Well, I’m appointed in the department of Computational Linguistics and Phonetics (COLI), but in the way of academia, there are a series of bodies involved in my employment, and their relationships are something I don’t entirely understand yet.  I am apparently part of the Multi-modal Computing and Innovation Cluster of Excellence (MMCI), which is a joint project of a bunch of groups, including the Max Planck Institute and the Deutsche Forschungsinstitut für Künstliche Intelligenz (DFKI, the German Research Institute for Artificial Intelligence).  My supervisor is Vera Demberg, who is a Junior Research Group Leader appointed as part of the MMCI package.

I chose to accept Vera’s offer back in the summer and come here because Vera is very active in bridging the gap between the formal sort of linguistics which is near and dear to my heart (as some of you know), the psycholinguistics that I’ve always wanted to get my fingers into, and the more practical-minded statistical efforts to make systems that represent the world in a robust way, which is where I focused my PhD dissertation work.  So it was a close match of congruent interests.

Right now, we’ve been working on defining our actual research project and goals, which has actually been a lot of fun.  There are plusses and minuses to starting a postdoc when there wasn’t already an active project in place (Vera has other projects less technologically-oriented).   During my graduate career, I had multiple opportunities to define projects both for my thesis and for grant- and internship-driven work, and for the most part it worked out well, so on balance I’m pretty happy to be there at the beginning.  Another advantage is that I don’t have to reverse-engineer someone else’s peculiar code.  Well, for now, at least.

I’ve had some catching up to do on some recent developments in psycholinguistic and representational frameworks, and we’ve particularly been focusing on surprisal-based measures of cognitive load.  Surprisal in computational psycholinguisics has developed a burgeoning literature over the past several years, particularly stemming from foundational work by people like John Hale, now at Cornell.  As an information-theoretic measure, surprisal is one way to bridge the gap between formal representation and statistical robustness which other measures of cognitive load (and statistical modeling) do not do as well.  As long as we have a conditional probability in the denominator, we can find the surprisal at particular points in a string (assuming incremental parsing).  Then it becomes a matter of testing the predictions experimentally.

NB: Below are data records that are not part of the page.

(* Let $G$ be the $3$-uniform tight cycle ($k=3$, $s=2$) with $n$ vertices. Then the maximum degree of $G$ is $\Delta=3$. When $n=4$, $\lambda(\mathcal{L})=4$. When $n\ge 5$, $\lambda(\mathcal{L})\le\Delta+1.5=4.5$.
   Context: A $k$-uniform $s$-cycle with $m$ edges has vertex set $\mathbb{Z}_n$, $n=m(k-s)$ (vertex $n+i$ identified with $i$), and edges $e_j=\{j(k-s)+1,\ldots,j(k-s)+k\}$, $j=0,\ldots,m-1$; it is assumed that $n\ge 2k-s$. For $k=3,s=2$ this means vertex set $\mathbb{Z}_n$, $n\ge 4$, with edges $\{j+1,j+2,j+3\}$ for $j=0,\ldots,n-1$. The degree $d_i$ of a vertex is the number of edges containing it. A Laplacian H-eigenvalue of $G$ is a real $\lambda$ for which there exists $\mathbf{x}\in\mathbb{R}^n\setminus\{0\}$ with $\lambda x_i^{k-1}=d_ix_i^{k-1}-\sum_{e\ni i}\prod_{j\in e\setminus\{i\}}x_j$ for all $i$ (equivalently, an H-eigenvalue of the Laplacian tensor $\mathcal{L}=\mathcal{D}-\mathcal{A}$, with $\mathcal{A}$ the adjacency tensor having entries $1/(k-1)!$ on edges and $\mathcal{D}$ the diagonal degree tensor); $\lambda(\mathcal{L})$ is the largest Laplacian H-eigenvalue. *)

From mathcomp Require Import all_boot all_order all_algebra.
From mathcomp Require Import reals.
Set Implicit Arguments. Unset Strict Implicit. Unset Printing Implicit Defensive.
Import Order.TTheory GRing.Theory Num.Theory.
Local Open Scope ring_scope.

Definition scycle_edge (k s n j : nat) : {set 'I_n} :=
  [set v : 'I_n | [exists t : 'I_k, ((j * (k - s) + t.+1) %% n)%N == (v : nat)]].

(* Edge set of the k-uniform s-cycle with m edges on n = m(k-s) vertices. *)
Definition scycle (k s m n : nat) : {set {set 'I_n}} :=
  [set scycle_edge k s n j | j : 'I_m].

Definition tight3cycle (n : nat) : {set {set 'I_n}} := scycle 3 2 n n.

Definition hdeg n (E : {set {set 'I_n}}) (i : 'I_n) : nat :=
  #|[set e in E | i \in e]|.

Definition hmaxdeg n (E : {set {set 'I_n}}) : nat := (\max_(i : 'I_n) hdeg E i)%N.

Definition lap_H_eig (R : realType) (k n : nat) (E : {set {set 'I_n}}) (lam : R) : Prop :=
  exists x : 'I_n -> R, (exists i, x i != 0) /\
    forall i : 'I_n,
      lam * x i ^+ k.-1 =
        (hdeg E i)%:R * x i ^+ k.-1 - \sum_(e in E | i \in e) \prod_(j in e :\ i) x j.

Definition largest_lap_H_eig (R : realType) (k n : nat) (E : {set {set 'I_n}}) (lam : R) : Prop :=
  lap_H_eig k E lam /\ forall mu : R, lap_H_eig k E mu -> mu <= lam.

(* The edges of the tight cycle on Z_n are the translates j + {1, 2, 3}; for n >= 4 a
   translate determines j, so vertex i lies in exactly the three edges with
   j in {i - 1, i - 2, i - 3}.  For a 3-uniform hypergraph, summing the eigen-equation
   over all vertices and using 2 (ab + bc + ca) = (a + b + c)^2 - (a^2 + b^2 + c^2) on each
   edge gives
     2 lam sum_i x_i^2 = 3 sum_i d_i x_i^2 - sum_e (sum_(i in e) x_i)^2,
   hence lam <= 3 Delta / 2.  On four vertices the edges are the complements of the
   singletons, the last sum equals 2 (sum_i x_i)^2 + sum_i x_i^2, hence lam <= 4, with
   equality for x = (1, 1, -1, -1). *)

From mathcomp Require Import all_boot all_order all_algebra.
From mathcomp Require Import reals.
From mathcomp Require Import zify ring lra.
Import Order.TTheory GRing.Theory Num.Theory.
Local Open Scope ring_scope.

Section Translates.
Context {V : finZmodType}.
Implicit Types (i j : V) (A : {set V}).

Lemma mem_translate i j A : (i \in [set j + x | x in A]) = (i - j \in A).
Proof. by rewrite -{1}(subrKC j i) mem_imset //; exact: addrI. Qed.

Lemma card_translate j A : #|[set j + x | x in A]| = #|A|.
Proof. by apply: card_imset; exact: addrI. Qed.

Lemma translates_containing i A :
  [set e in [set [set j + x | x in A] | j : V] | i \in e] =
  [set [set j + x | x in A] | j in [set i - x | x in A]].
Proof.
apply/setP => e; rewrite inE; apply/andP/imsetP => [[/imsetP[j _ ->] iAj] | [j]].
  exists j => //; rewrite -[j](subKr i) (mem_imset (f := fun x => i - x)) -?mem_translate //.
  exact: subrI.
case/imsetP => x xA -> ->; split; first exact: imset_f.
by rewrite mem_translate subKr.
Qed.

Lemma card_translates_containing i A :
  injective (fun j => [set j + x | x in A]) ->
  #|[set e in [set [set j + x | x in A] | j : V] | i \in e]| = #|A|.
Proof. by move=> tr_inj; rewrite translates_containing !card_imset //; exact: subrI. Qed.

Definition progression (a : V) (K : nat) : {set V} := [set a *+ k.+1 | k : 'I_K].

Section Progression.
Context {a : V} {K : nat}.
Hypothesis a_order : forall k, (0 < k <= K)%N -> a *+ k != 0.

Lemma card_progression : #|progression a K| = K.
Proof.
rewrite card_imset ?card_ord // => i j eq_ij; apply/val_inj/eqP.
wlog le_ij : i j eq_ij / (i <= j)%N.
  by move=> IH; case: (leqP i j) => [/IH->//|/ltnW/(IH j i (esym eq_ij))]; rewrite eq_sym.
have : a *+ (j - i) == 0 by rewrite -subSS mulrnBr // eq_ij subrr.
apply: contraLR => /= ne_ij; apply: a_order; have := ltn_ord j; lia.
Qed.

Lemma zero_notin_progression : 0 \notin progression a K.
Proof. by apply/imsetP => -[k _ /esym/eqP]; apply/negP/a_order; rewrite /= ltn_ord. Qed.

Lemma translate_progression_inj : (0 < K)%N ->
  injective (fun j => [set j + x | x in progression a K]).
Proof.
move=> K_gt0 j j' /setP ejj'; apply/eqP; rewrite -subr_eq0.
have d_notin : j - j' \notin progression a K.
  by rewrite -mem_translate -ejj' mem_translate subrr zero_notin_progression.
have : j + a - j' \in progression a K.
  rewrite -mem_translate -ejj' mem_translate (addrC j) addrK.
  by apply/imsetP; exists (Ordinal K_gt0); rewrite ?mulr1n.
rewrite addrAC => /imsetP[[k lt_kK] _ /eqP].
rewrite mulrSr (inj_eq (addIr a)); case: k lt_kK => [|k] lt_kK; first by rewrite mulr0n.
move=> /eqP dE; case/negP: d_notin; rewrite dE; apply/imsetP.
by exists (Ordinal (ltnW lt_kK)).
Qed.
End Progression.
End Translates.

Section TightCycle.
Variable m : nat.
Local Notation n := m.+4.

Lemma val_natmul1 k : val ((1 : 'I_n) *+ k) = (k %% n)%N.
Proof. by rewrite Zp_mulrn /= (@modn_small 1) ?mul1n. Qed.

Definition tight_offsets : {set 'I_n} := progression 1 3.

Lemma tight_offsets_order k : (0 < k <= 3)%N -> (1 : 'I_n) *+ k != 0.
Proof. by move=> k_le3; rewrite -val_eqE val_natmul1 /= modn_small; lia. Qed.

Lemma scycle_edgeE (j : 'I_n) :
  scycle_edge 3 2 n j = [set j + x | x in tight_offsets].
Proof.
have modE (k : nat) (v : 'I_n) : ((j + k) %% n == val v)%N = (v - j == 1 *+ k).
  by rewrite (subr_eq v) addrC eq_sym -val_eqE /= val_natmul1 modnDmr.
apply/setP => v; rewrite inE muln1 mem_translate; apply/existsP/imsetP.
  by case=> t; rewrite modE => /eqP ->; exists t.
by case=> t _ vE; exists t; rewrite modE vE.
Qed.

Lemma tight3cycleE :
  tight3cycle n = [set [set j + x | x in tight_offsets] | j : 'I_n].
Proof. by apply: eq_imset => j; rewrite scycle_edgeE. Qed.

Lemma card_tight_offsets : #|tight_offsets| = 3%N.
Proof. exact: card_progression tight_offsets_order. Qed.

Lemma tight3cycle_uniform e : e \in tight3cycle n -> #|e| = 3%N.
Proof.
by rewrite tight3cycleE => /imsetP[j _ ->]; rewrite card_translate card_tight_offsets.
Qed.

Lemma hdeg_tight3cycle i : hdeg (tight3cycle n) i = 3%N.
Proof.
rewrite /hdeg tight3cycleE card_translates_containing ?card_tight_offsets //.
exact: translate_progression_inj tight_offsets_order _.
Qed.

Lemma hmaxdeg_tight3cycle : hmaxdeg (tight3cycle n) = 3%N.
Proof.
apply/eqP; rewrite eqn_leq; apply/andP; split.
  by apply/bigmax_leqP => i _; rewrite hdeg_tight3cycle.
by rewrite -(hdeg_tight3cycle 0); apply: leq_bigmax.
Qed.
End TightCycle.

Lemma cards3P (T : finType) (A : {set T}) : #|A| = 3%N ->
  exists a b c, [/\ a != b, a != c, b != c & A = [set a; b; c]].
Proof.
move=> A3; have /card_gt0P[a aA] : (0 < #|A|)%N by rewrite A3.
have /cards2P[b [c [bc Aa]]] : #|A :\ a| == 2%N.
  by move: (cardsD1 a A); rewrite aA A3 add1n => -[<-].
have : (b \in A :\ a) && (c \in A :\ a) by rewrite Aa !inE !eqxx orbT.
rewrite !inE => /andP[/andP[ba _] /andP[ca _]].
exists a, b, c; split; rewrite 1?[a == _]eq_sym //.
by rewrite -setUA -Aa setD1K.
Qed.

Lemma sumsq_gt0 [R : realFieldType] [T : finType] [x : T -> R] [i0 : T] :
  x i0 != 0 -> 0 < \sum_i x i ^+ 2.
Proof.
move=> xi0; rewrite (bigD1 i0) //=.
have : 0 <= \sum_(i | i != i0) x i ^+ 2 by apply: sumr_ge0 => i _; exact: sqr_ge0.
have : 0 < x i0 ^+ 2 by rewrite lt_def sqrf_eq0 xi0 sqr_ge0.
lra.
Qed.

Lemma sumr_setC1 (V : zmodType) (T : finType) (x : T -> V) j :
  \sum_(i in [set~ j]) x i = \sum_i x i - x j.
Proof.
by rewrite [in RHS](bigD1 j) //= (addrC (x j)) addrK; apply: eq_bigl => i; exact: in_setC1.
Qed.

Section ThreeUniformLaplacian.
Context {R : realType} {n : nat} {E : {set {set 'I_n}}}.

Lemma exchange_incidence (F : 'I_n -> {set 'I_n} -> R) :
  \sum_i \sum_(e in E | i \in e) F i e = \sum_(e in E) \sum_(i in e) F i e.
Proof.
under eq_bigr => i _ do rewrite big_mkcondr.
by rewrite exchange_big; apply: eq_bigr => e _; rewrite [RHS]big_mkcond.
Qed.

Lemma sum_prod_setD1_card3 (T : finType) (e : {set T}) (x : T -> R) : #|e| = 3%N ->
  2 * \sum_(i in e) \prod_(j in e :\ i) x j =
    (\sum_(i in e) x i) ^+ 2 - \sum_(i in e) x i ^+ 2.
Proof.
case/cards3P => a [b [c [ab ac bc ->]]].
have sum3 (F : T -> R) : \sum_(i in [set a; b; c]) F i = F a + F b + F c.
  by rewrite -setUA big_setU1 /= ?big_setU1 ?big_set1 ?addrA // !inE ?negb_or ?ab ?ac.
have a_bc : a \notin [set b; c] by rewrite !inE negb_or ab ac.
have b_ac : b \notin [set a; c] by rewrite !inE negb_or eq_sym ab bc.
have c_ab : c \notin [set a; b] by rewrite !inE negb_or eq_sym ac eq_sym bc.
have setD1_3 : [/\ [set a; b; c] :\ a = [set b; c], [set a; b; c] :\ b = [set a; c]
                  & [set a; b; c] :\ c = [set a; b]].
  by split; [rewrite -setUA | rewrite -setUA setUCA | rewrite setUC]; rewrite setU1K.
rewrite !sum3; case: setD1_3 => -> -> ->.
rewrite !big_setU1 ?big_set1 ?inE //=; ring.
Qed.

Lemma sum_incidence_sqr (x : 'I_n -> R) :
  \sum_(e in E) \sum_(i in e) x i ^+ 2 = \sum_i (hdeg E i)%:R * x i ^+ 2.
Proof.
rewrite -exchange_incidence; apply: eq_bigr => i _.
rewrite (eq_bigl (mem [set e in E | i \in e])); last by move=> e /=; rewrite !inE.
by rewrite sumr_const mulr_natl.
Qed.

Hypothesis E_uniform : forall e, e \in E -> #|e| = 3%N.

Lemma lap_H_eig3_identity [x : 'I_n -> R] [lam : R] :
  (forall i, lam * x i ^+ 3.-1 =
     (hdeg E i)%:R * x i ^+ 3.-1 - \sum_(e in E | i \in e) \prod_(j in e :\ i) x j) ->
  2 * lam * \sum_i x i ^+ 2 =
    3 * \sum_i (hdeg E i)%:R * x i ^+ 2 - \sum_(e in E) (\sum_(i in e) x i) ^+ 2.
Proof.
move=> eig.
have pairs : 2 * \sum_i \sum_(e in E | i \in e) \prod_(j in e :\ i) x j =
    \sum_(e in E) (\sum_(i in e) x i) ^+ 2 - \sum_i (hdeg E i)%:R * x i ^+ 2.
  rewrite exchange_incidence mulr_sumr -sum_incidence_sqr -sumrB.
  by apply: eq_bigr => e /E_uniform; exact: sum_prod_setD1_card3.
have summed : lam * \sum_i x i ^+ 2 = \sum_i (hdeg E i)%:R * x i ^+ 2 -
    \sum_i \sum_(e in E | i \in e) \prod_(j in e :\ i) x j.
  by rewrite mulr_sumr -sumrB; apply: eq_bigr => i _; exact: eig.
rewrite -mulrA summed; lra.
Qed.

Lemma lap_H_eig3_le (D : nat) (lam : R) : (forall i, (hdeg E i <= D)%N) ->
  lap_H_eig 3 E lam -> 2 * lam <= 3 * D%:R.
Proof.
move=> degD [x [[i0 xi0] eig]].
have Q_gt0 := sumsq_gt0 xi0.
have S_ge0 : 0 <= \sum_(e in E) (\sum_(i in e) x i) ^+ 2.
  by apply: sumr_ge0 => e _; exact: sqr_ge0.
have degQ : \sum_i (hdeg E i)%:R * x i ^+ 2 <= D%:R * \sum_i x i ^+ 2.
  by rewrite mulr_sumr; apply: ler_sum => i _; rewrite ler_wpM2r ?sqr_ge0 ?ler_nat.
have := lap_H_eig3_identity eig; rewrite -(ler_pM2r Q_gt0); lra.
Qed.
End ThreeUniformLaplacian.

Section TightCycle4.
Variable R : realType.

Lemma tight_offsets4 : tight_offsets 0 = [set~ 0].
Proof.
apply/eqP; rewrite eqEcard cardsC1 card_ord card_tight_offsets leqnn andbT.
apply/subsetP => v v_off; rewrite !inE; apply: contraTneq v_off => ->.
exact: zero_notin_progression (@tight_offsets_order 0).
Qed.

Lemma tight3cycle4E : tight3cycle 4 = [set [set~ j] | j : 'I_4].
Proof.
rewrite (tight3cycleE 0) tight_offsets4; apply: eq_imset => j.
by apply/setP => v; rewrite mem_translate !inE subr_eq0.
Qed.

Lemma sum_tight3cycle4 (F : {set 'I_4} -> R) :
  \sum_(e in tight3cycle 4) F e = \sum_j F [set~ j].
Proof. by rewrite tight3cycle4E big_imset // => j k _ _ /setC_inj/set1_inj. Qed.

Lemma lap_H_eig_tight3cycle4_le (lam : R) : lap_H_eig 3 (tight3cycle 4) lam -> lam <= 4.
Proof.
move=> [x [[i0 xi0] eig]]; set T := \sum_i x i.
have Q_gt0 := sumsq_gt0 xi0.
have deg3 : \sum_i (hdeg (tight3cycle 4) i)%:R * x i ^+ 2 = 3 * \sum_i x i ^+ 2.
  by rewrite mulr_sumr; apply: eq_bigr => i _; rewrite (hdeg_tight3cycle 0).
have edge_sums : \sum_(e in tight3cycle 4) (\sum_(i in e) x i) ^+ 2 =
    2 * T ^+ 2 + \sum_i x i ^+ 2.
  rewrite sum_tight3cycle4; under eq_bigr => j _ do rewrite sumr_setC1 -/T sqrrB.
  rewrite !big_split /= sumrN sumr_const card_ord sumrMnl -mulr_sumr -/T; ring.
have := lap_H_eig3_identity (@tight3cycle_uniform 0) eig.
rewrite deg3 edge_sums -(ler_pM2r Q_gt0); have := sqr_ge0 T; lra.
Qed.

Lemma sum_prod_tight3cycle4_sign (x : 'I_4 -> R) i :
  (forall j, x j ^+ 2 = 1) -> \prod_j x j = 1 ->
  \sum_(e in tight3cycle 4 | i \in e) \prod_(j in e :\ i) x j = x i * (\sum_j x j - x i).
Proof.
move=> sqr1 prod1.
have prod_setD1 (e : {set 'I_4}) j :
    j \in e -> \prod_(k in e :\ j) x k = x j * \prod_(k in e) x k.
  by move=> je; rewrite (big_setD1 j je) mulrA -expr2 sqr1 mul1r.
have prod_setC1 j : \prod_(k in [set~ j]) x k = x j.
  rewrite (eq_bigl (fun k => k != j)); last by move=> k; exact: in_setC1.
  by rewrite -[RHS]mulr1 -[in RHS]prod1 [in RHS](bigD1 j) //= mulrA -expr2 sqr1 mul1r.
rewrite (eq_bigr (fun e : {set 'I_4} => x i * \prod_(j in e) x j)); last first.
  by move=> e /andP[_ /prod_setD1].
rewrite -mulr_sumr big_mkcondr sum_tight3cycle4 -big_mkcondr -sumr_setC1.
under eq_bigr do rewrite prod_setC1.
by congr (_ * _); apply: eq_bigl => j; rewrite /= !in_setC1 eq_sym.
Qed.

Definition tight3cycle4_eigvec (i : 'I_4) : R := if (i < 2)%N then 1 else -1.

Lemma lap_H_eig_tight3cycle4 : lap_H_eig 3 (tight3cycle 4) (4 : R).
Proof.
set x := tight3cycle4_eigvec.
have sqr1 j : x j ^+ 2 = 1.
  by rewrite /x /tight3cycle4_eigvec; case: ifP; rewrite ?sqrrN expr1n.
have [sum0 prod1] : \sum_j x j = 0 /\ \prod_j x j = 1.
  by rewrite !big_ord_recr !big_ord0 /x /tight3cycle4_eigvec /=; split; ring.
exists x; split; first by exists 0; rewrite /x /tight3cycle4_eigvec /= oner_neq0.
move=> i; rewrite (hdeg_tight3cycle 0) sum_prod_tight3cycle4_sign // sum0 /=; ring.
Qed.
End TightCycle4.

Theorem proposition8p2 (R : realType) (n : nat) (hn : (4 <= n)%N) :
  hmaxdeg (tight3cycle n) = 3%N /\
  (n = 4%N -> largest_lap_H_eig 3 (tight3cycle n) (4 : R)) /\
  ((5 <= n)%N -> forall mu : R, lap_H_eig 3 (tight3cycle n) mu -> mu <= 9 / 2).
Proof.
case: n hn => [|[|[|[|m]]]] // _.
split; first exact: hmaxdeg_tight3cycle.
split.
  case=> ->; split; [exact: lap_H_eig_tight3cycle4 | exact: lap_H_eig_tight3cycle4_le].
(* The bound does not need n >= 5. *)
move=> _ mu eig.
have deg3 i : (hdeg (tight3cycle m.+4) i <= 3)%N by rewrite hdeg_tight3cycle.
have := lap_H_eig3_le (@tight3cycle_uniform m) 3 mu deg3 eig; lra.
Qed.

However, we’ve been looking at opportunities to apply these to various kinds of real-time information retrieval and user interface tasks, particularly with transcribed/ASR speech.  But, and here’s the catch, we want to augment the typically syntax-based surprisal measures with some kind of additional formal semantics, which will then allow domain-dependence in our applications.

We’re hoping not to build an entire experimental and processing pipeline from scratch, so we’ve been casting about for resources and collaborators, as well as looking for students from within the Saarland fold.  I suppose I’m biased, but the current state of psycholinguistics, statistical modeling, and syntactic/semantic formalism is coming finally toward an interesting convergence points where we can start to model natural natural language processing activities, so to speak, so I already see lots of exciting opportunities.  And I’ve only been here a month.